Support--eh, that's usually the least of my worries. The worst for me are shoes with a low toe box that smashes from above.

Width, nah, not so much of a worry for me.

Sometimes I think that the most we have in common is pain and that nobody else understands us.:(

Does Tramadol work better when its taken daily and constantly in the blood or is it just as effective "on demand' for breakthrough pain?

Last night had a strong flair I believe due to massive electrical storms on Bangkok (its rainy season) and my highest dose so far (100mg) didnt do anything

I don't use tramadol regularly. When used occasionally for me, it continues to work.

I use Tylenol, or Aleve or Topical things for everyday use.
With this heat wave we are having I am using my ice pack alot.

I've been taking it around the clock for about 5 years and I find that it does work a lot better for me that way and the extended release version is superior to the regular, although now I'm using just the regular and as long as I take it on schedule, I'm doing okay with it.

Just went to my chemist/doctor here in bangkok as they are one in the same , quick 1 min diagnosis over the counter and meds supplied instantly. Got to love 3 rd world countries :)
Its worth a mention that smack in the middle is a BEER fridge. Yep buy your drug of choice and and 6 pack.

back to topic , i changed from ultracet 37mg to tramdaol 50 but its called Tramacap (tramadolhydrochloride 50)

Its obviously a generic, has anyone used this ?

Big price difference, ultracet $15 for 30.... tramacap $12 for 200

tramadol
 

I have been using tramadol for years, though sometimes I'm given Ultram (brand name for tramadol). I go to a free clinic for the script, so I pay very little for it. I have never noticed a difference in the efficacy of the generic and brand, but the Ultracet have Tylenol in it, so I don't use it. I would never buy a brand name drug, if I can help it.

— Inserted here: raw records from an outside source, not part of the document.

(* The free coordinates of the cell of [r] are those where [r] reaches
   [max_load r]; before the first zero of [r] they are all equal to [1]. *)
Lemma cell_shape (R : realType) (eps : R) d (r : gapvec d) :
  (0 < eps < 1)%R -> reduced r -> bnd r ->
  exists (xj : gapvec d) (I : {set 'I_d.-1}) (m : 'I_d.-1),
    bnd xj /\ m \in I /\ (forall i, i \in I -> m <= i) /\
    (forall i : 'I_d.-1, i < m -> xj i = 1) /\ xj m = 0 /\
    (forall y : gapvec d, cls eps r y <->
       (bnd y /\ forall i, (i \in I -> y i = xj i) /\ (i \notin I -> xj i <= y i))).
Proof.
move=> he hr [i0 hi0].
case: (@arg_minnP _ i0 (fun i => r i == 0) (@nat_of_ord _) (introT eqP hi0)) => m /eqP rm0 m_min.
have before_m (i : 'I_d.-1) : i < m -> r i = 1 /\ max_load r i = 1.
  move=> him; have r_i : r i != 0 by apply/negP => /m_min; lia.
  have load_i : max_load r i = 1.
    apply: max_load_eq1 => n hn; have n_lt : n < d.-1 by have := ltn_ord i; lia.
    by rewrite -[n]/(nat_of_ord (Ordinal n_lt)) gap_atE; apply/negP => /m_min /=; lia.
  by have := hr i; rewrite load_i; lia.
exists r, [set i | r i < max_load r i], m; split; first by exists i0.
split; first by rewrite inE rm0 max_load_gt0.
split.
  move=> i; rewrite inE; case: (ltnP i m) => // him.
  by have [-> ->] := before_m i him.
split; first by move=> i /before_m [].
split=> // y; rewrite clsE //; split=> -[hb h]; split=> // i;
  by have := h i; rewrite ?inE; have := hr i; lia.
Qed.

Section SCell.
Variables (d : nat) (j : 'I_d.-1).

Definition S_cell_rep : gapvec d :=
  fun i => if (i : nat) == j then 0 else if (i : nat) == j.+1 then 2 else 1.

Lemma max_load_S_cell_rep (i : 'I_d.-1) :
  max_load S_cell_rep i = if (i : nat) == j.+1 then 2 else 1.
Proof.
case: i => /= n; elim: n => [|n IH] hn //=.
rewrite IH 1?ltnW // -[n]/(nat_of_ord (Ordinal (ltnW hn))) gap_atE /S_cell_rep /=.
by do ![case: eqP => ?]; lia.
Qed.

Lemma S_cell_rep_reduced : reduced S_cell_rep.
Proof. by move=> i; rewrite max_load_S_cell_rep /S_cell_rep; do ![case: eqP => ?]. Qed.

Lemma S_cell_rep_bnd : bnd S_cell_rep.
Proof. by exists j; rewrite /S_cell_rep eqxx. Qed.

Lemma S_cell_repE y :
  (bnd y /\ forall i, minn (y i) (max_load S_cell_rep i) = S_cell_rep i) <-> S_cell j y.
Proof.
have cell_at i : minn (y i) (max_load S_cell_rep i) = S_cell_rep i <->
    [/\ (i : nat) = j -> y i = 0, (i : nat) = j.+1 -> 2 <= y i &
        (i : nat) != j -> (i : nat) != j.+1 -> 1 <= y i].
  rewrite max_load_S_cell_rep /S_cell_rep.
  by case: eqP => ?; case: eqP => ?; split=> [h|[ha hb hc]]; try split; lia.
split=> [[_ h]|[h0 [h2 h1]]].
- have cell i := (cell_at i).1 (h i).
  split; first by case: (cell j) => h0 _ _; apply: h0.
  split=> [i|i]; first by case: (cell i).
  by rewrite -val_eqE; case: (cell i).
split; first by exists j.
move=> i; apply/cell_at; split=> [/val_inj ->|/h2 //|hij]; first exact: h0.
by apply: h1; rewrite -val_eqE.
Qed.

Lucky you to be able to get it so cheaply and readily. I have to exceed my doseage somedays ( 50 mg. x2 quid) and have to buy it online, which costs a fortune, but nothing can bring one to heel like pain. It's very demoralizing, isn't it? Linda

Wow 5 years consistently. Have you had to up the dose?

Does anyone know if you can get the extended release in generic??

complicated....
 

You know what's weird about socks and shoes is can't live with them, can't live without them. Sometimes I have to put socks on to warm up my feet (wintertime) but within 5 minutes off they come. LOL This stuff drives me insane!!! I could live where I'm at now with the dang PN if I could only get to where I could wear FREAKING SHOES! :eek: It's makes things so much more complicated.

Yes Marty. I've had to up the dose but I'm at the max and not going any higher. Sadly, the extended release isn't available in a generic yet. I use other meds with it and I've got room to increase those.

Yep, yep, yep. Well, I wouldn't say I could live with the pain except for the footwear, but jeepers, what to put on our feet is a problem. I just left a huge back of shoes I've worn once and brand new never worn socks for the Vietnam Veterans. At least someone might get some use out of them.